Saved entries:
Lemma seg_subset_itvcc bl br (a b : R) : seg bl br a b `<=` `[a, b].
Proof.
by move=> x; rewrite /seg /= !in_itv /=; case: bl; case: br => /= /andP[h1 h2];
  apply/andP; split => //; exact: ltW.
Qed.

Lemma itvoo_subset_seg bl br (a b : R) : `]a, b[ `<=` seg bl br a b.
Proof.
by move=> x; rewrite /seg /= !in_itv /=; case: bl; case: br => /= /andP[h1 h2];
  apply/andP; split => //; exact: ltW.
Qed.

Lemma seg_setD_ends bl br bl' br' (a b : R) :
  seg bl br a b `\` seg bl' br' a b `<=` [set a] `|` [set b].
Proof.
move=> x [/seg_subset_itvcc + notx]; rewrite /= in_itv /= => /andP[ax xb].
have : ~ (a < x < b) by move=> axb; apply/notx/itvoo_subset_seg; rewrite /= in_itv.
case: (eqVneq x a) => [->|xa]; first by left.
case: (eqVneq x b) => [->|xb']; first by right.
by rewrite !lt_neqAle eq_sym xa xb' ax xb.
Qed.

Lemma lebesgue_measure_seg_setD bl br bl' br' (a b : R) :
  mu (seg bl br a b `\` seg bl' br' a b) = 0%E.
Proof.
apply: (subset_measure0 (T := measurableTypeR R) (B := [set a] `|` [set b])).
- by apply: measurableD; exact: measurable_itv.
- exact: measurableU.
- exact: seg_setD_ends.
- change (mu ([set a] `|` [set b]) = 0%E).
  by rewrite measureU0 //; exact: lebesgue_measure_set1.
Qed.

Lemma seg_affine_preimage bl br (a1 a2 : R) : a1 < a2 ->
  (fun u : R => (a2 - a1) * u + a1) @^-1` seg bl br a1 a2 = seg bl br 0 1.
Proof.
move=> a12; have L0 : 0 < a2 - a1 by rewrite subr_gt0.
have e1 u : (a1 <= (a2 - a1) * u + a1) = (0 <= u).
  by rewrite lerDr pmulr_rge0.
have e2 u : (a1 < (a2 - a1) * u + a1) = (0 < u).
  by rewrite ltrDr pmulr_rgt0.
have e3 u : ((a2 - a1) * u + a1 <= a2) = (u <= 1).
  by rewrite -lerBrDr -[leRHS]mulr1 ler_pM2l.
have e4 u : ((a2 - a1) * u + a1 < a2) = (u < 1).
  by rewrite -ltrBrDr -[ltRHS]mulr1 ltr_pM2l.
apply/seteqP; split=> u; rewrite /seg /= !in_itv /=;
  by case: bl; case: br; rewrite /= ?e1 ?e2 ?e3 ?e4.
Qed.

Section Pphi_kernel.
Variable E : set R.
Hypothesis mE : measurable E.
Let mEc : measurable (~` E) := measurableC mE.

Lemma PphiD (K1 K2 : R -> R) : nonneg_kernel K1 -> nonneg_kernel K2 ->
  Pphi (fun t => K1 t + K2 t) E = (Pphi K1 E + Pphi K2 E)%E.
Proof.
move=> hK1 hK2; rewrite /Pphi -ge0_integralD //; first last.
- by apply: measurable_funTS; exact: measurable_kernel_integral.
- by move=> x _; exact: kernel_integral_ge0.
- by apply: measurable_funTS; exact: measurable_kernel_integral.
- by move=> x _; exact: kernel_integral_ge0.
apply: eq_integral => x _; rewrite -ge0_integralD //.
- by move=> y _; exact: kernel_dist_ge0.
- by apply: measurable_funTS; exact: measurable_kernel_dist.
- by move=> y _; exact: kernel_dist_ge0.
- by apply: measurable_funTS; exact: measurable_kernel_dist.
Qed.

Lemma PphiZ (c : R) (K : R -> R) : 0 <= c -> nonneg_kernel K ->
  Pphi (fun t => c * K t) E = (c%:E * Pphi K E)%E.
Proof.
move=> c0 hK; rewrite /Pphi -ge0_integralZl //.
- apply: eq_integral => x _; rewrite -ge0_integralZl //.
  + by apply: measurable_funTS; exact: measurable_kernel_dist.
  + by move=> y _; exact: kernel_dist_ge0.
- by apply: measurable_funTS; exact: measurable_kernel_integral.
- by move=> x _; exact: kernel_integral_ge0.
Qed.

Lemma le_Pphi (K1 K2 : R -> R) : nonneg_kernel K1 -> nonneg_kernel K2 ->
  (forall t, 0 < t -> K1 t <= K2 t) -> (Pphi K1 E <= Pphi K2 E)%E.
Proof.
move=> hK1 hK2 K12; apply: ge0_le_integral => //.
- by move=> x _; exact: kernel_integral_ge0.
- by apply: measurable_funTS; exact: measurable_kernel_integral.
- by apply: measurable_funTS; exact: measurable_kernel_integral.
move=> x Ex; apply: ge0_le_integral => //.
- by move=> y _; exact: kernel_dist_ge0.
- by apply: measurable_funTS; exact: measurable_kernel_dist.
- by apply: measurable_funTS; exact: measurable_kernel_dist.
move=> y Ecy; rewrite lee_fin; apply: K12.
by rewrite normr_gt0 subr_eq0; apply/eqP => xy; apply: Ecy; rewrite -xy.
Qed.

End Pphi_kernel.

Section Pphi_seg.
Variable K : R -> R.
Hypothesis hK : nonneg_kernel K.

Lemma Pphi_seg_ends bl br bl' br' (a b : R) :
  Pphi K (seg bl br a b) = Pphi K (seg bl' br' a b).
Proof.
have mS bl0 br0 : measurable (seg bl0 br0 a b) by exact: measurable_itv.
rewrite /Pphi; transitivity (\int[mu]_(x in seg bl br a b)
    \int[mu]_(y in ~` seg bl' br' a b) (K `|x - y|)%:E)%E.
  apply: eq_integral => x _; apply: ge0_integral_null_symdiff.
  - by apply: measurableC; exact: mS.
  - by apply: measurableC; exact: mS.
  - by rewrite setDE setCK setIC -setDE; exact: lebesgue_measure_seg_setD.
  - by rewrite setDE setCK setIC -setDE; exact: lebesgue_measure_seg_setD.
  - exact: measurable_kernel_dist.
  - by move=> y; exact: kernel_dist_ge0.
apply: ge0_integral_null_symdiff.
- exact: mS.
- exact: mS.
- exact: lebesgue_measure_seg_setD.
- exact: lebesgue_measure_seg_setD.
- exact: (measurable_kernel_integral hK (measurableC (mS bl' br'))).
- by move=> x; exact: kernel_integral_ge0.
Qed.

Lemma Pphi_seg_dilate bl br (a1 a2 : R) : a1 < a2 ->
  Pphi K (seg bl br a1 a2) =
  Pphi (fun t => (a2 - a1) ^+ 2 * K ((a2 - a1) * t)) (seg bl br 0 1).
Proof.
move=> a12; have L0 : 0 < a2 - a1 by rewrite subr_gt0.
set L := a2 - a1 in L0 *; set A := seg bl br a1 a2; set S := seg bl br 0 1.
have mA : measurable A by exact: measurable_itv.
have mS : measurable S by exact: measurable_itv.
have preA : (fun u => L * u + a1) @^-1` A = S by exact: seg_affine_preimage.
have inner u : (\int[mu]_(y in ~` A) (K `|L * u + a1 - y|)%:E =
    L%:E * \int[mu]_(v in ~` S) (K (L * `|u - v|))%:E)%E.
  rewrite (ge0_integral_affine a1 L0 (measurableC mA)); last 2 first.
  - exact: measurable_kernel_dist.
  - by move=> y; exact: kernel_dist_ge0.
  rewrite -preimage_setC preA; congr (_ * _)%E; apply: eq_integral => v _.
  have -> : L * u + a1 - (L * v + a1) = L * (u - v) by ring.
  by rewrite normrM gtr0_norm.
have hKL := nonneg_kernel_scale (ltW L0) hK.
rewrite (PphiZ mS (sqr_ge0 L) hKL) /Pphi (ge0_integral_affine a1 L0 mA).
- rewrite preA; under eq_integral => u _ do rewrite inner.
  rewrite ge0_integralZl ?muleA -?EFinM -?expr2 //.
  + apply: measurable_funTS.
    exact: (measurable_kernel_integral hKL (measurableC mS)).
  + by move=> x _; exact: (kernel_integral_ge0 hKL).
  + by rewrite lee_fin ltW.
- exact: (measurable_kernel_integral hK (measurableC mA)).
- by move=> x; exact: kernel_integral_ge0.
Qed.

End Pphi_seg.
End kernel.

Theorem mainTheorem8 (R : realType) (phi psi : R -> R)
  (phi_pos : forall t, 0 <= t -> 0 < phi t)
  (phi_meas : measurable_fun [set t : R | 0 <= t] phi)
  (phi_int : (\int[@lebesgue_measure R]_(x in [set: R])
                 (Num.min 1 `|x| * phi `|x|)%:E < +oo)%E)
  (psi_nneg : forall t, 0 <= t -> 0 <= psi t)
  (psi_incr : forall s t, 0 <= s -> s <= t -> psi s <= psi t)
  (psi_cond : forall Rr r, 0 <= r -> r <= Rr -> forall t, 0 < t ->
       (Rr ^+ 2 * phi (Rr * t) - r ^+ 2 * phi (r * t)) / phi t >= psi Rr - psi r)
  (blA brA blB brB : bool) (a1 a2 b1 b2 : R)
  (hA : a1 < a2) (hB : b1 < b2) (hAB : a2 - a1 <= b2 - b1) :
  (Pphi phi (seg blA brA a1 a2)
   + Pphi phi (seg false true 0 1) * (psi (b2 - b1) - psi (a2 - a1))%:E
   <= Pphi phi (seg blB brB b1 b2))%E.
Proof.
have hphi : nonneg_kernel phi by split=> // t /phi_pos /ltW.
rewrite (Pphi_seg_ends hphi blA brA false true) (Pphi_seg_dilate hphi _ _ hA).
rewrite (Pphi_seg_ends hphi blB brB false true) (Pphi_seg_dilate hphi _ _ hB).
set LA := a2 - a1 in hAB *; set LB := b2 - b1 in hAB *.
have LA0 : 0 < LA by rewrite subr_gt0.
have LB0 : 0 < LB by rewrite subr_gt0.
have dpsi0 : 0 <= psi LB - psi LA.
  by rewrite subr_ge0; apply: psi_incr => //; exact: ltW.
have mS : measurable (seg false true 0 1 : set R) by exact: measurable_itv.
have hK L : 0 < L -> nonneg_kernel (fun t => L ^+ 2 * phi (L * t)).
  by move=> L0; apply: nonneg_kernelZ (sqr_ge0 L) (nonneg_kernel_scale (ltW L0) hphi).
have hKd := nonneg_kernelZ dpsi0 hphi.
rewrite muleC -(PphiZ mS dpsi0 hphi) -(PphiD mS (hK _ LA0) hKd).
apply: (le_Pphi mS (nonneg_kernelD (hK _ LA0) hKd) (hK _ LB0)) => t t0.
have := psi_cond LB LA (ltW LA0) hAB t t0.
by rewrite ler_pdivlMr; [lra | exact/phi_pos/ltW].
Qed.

§ **What needs to be done**: The expected answer is an exact copy of the lines above, beginning at the line with "have LB0 : 0 < LB by rewrite subr_gt0." and ending at the line with "apply: (le_Pphi mS", with both ends in.

§ **Output of the task**:
have LB0 : 0 < LB by rewrite subr_gt0.
have dpsi0 : 0 <= psi LB - psi LA.
  by rewrite subr_ge0; apply: psi_incr => //; exact: ltW.
have mS : measurable (seg false true 0 1 : set R) by exact: measurable_itv.
have hK L : 0 < L -> nonneg_kernel (fun t => L ^+ 2 * phi (L * t)).
  by move=> L0; apply: nonneg_kernelZ (sqr_ge0 L) (nonneg_kernel_scale (ltW L0) hphi).
have hKd := nonneg_kernelZ dpsi0 hphi.
rewrite muleC -(PphiZ mS dpsi0 hphi) -(PphiD mS (hK _ LA0) hKd).
apply: (le_Pphi mS (nonneg_kernelD (hK _ LA0) hKd) (hK _ LB0)) => t t0.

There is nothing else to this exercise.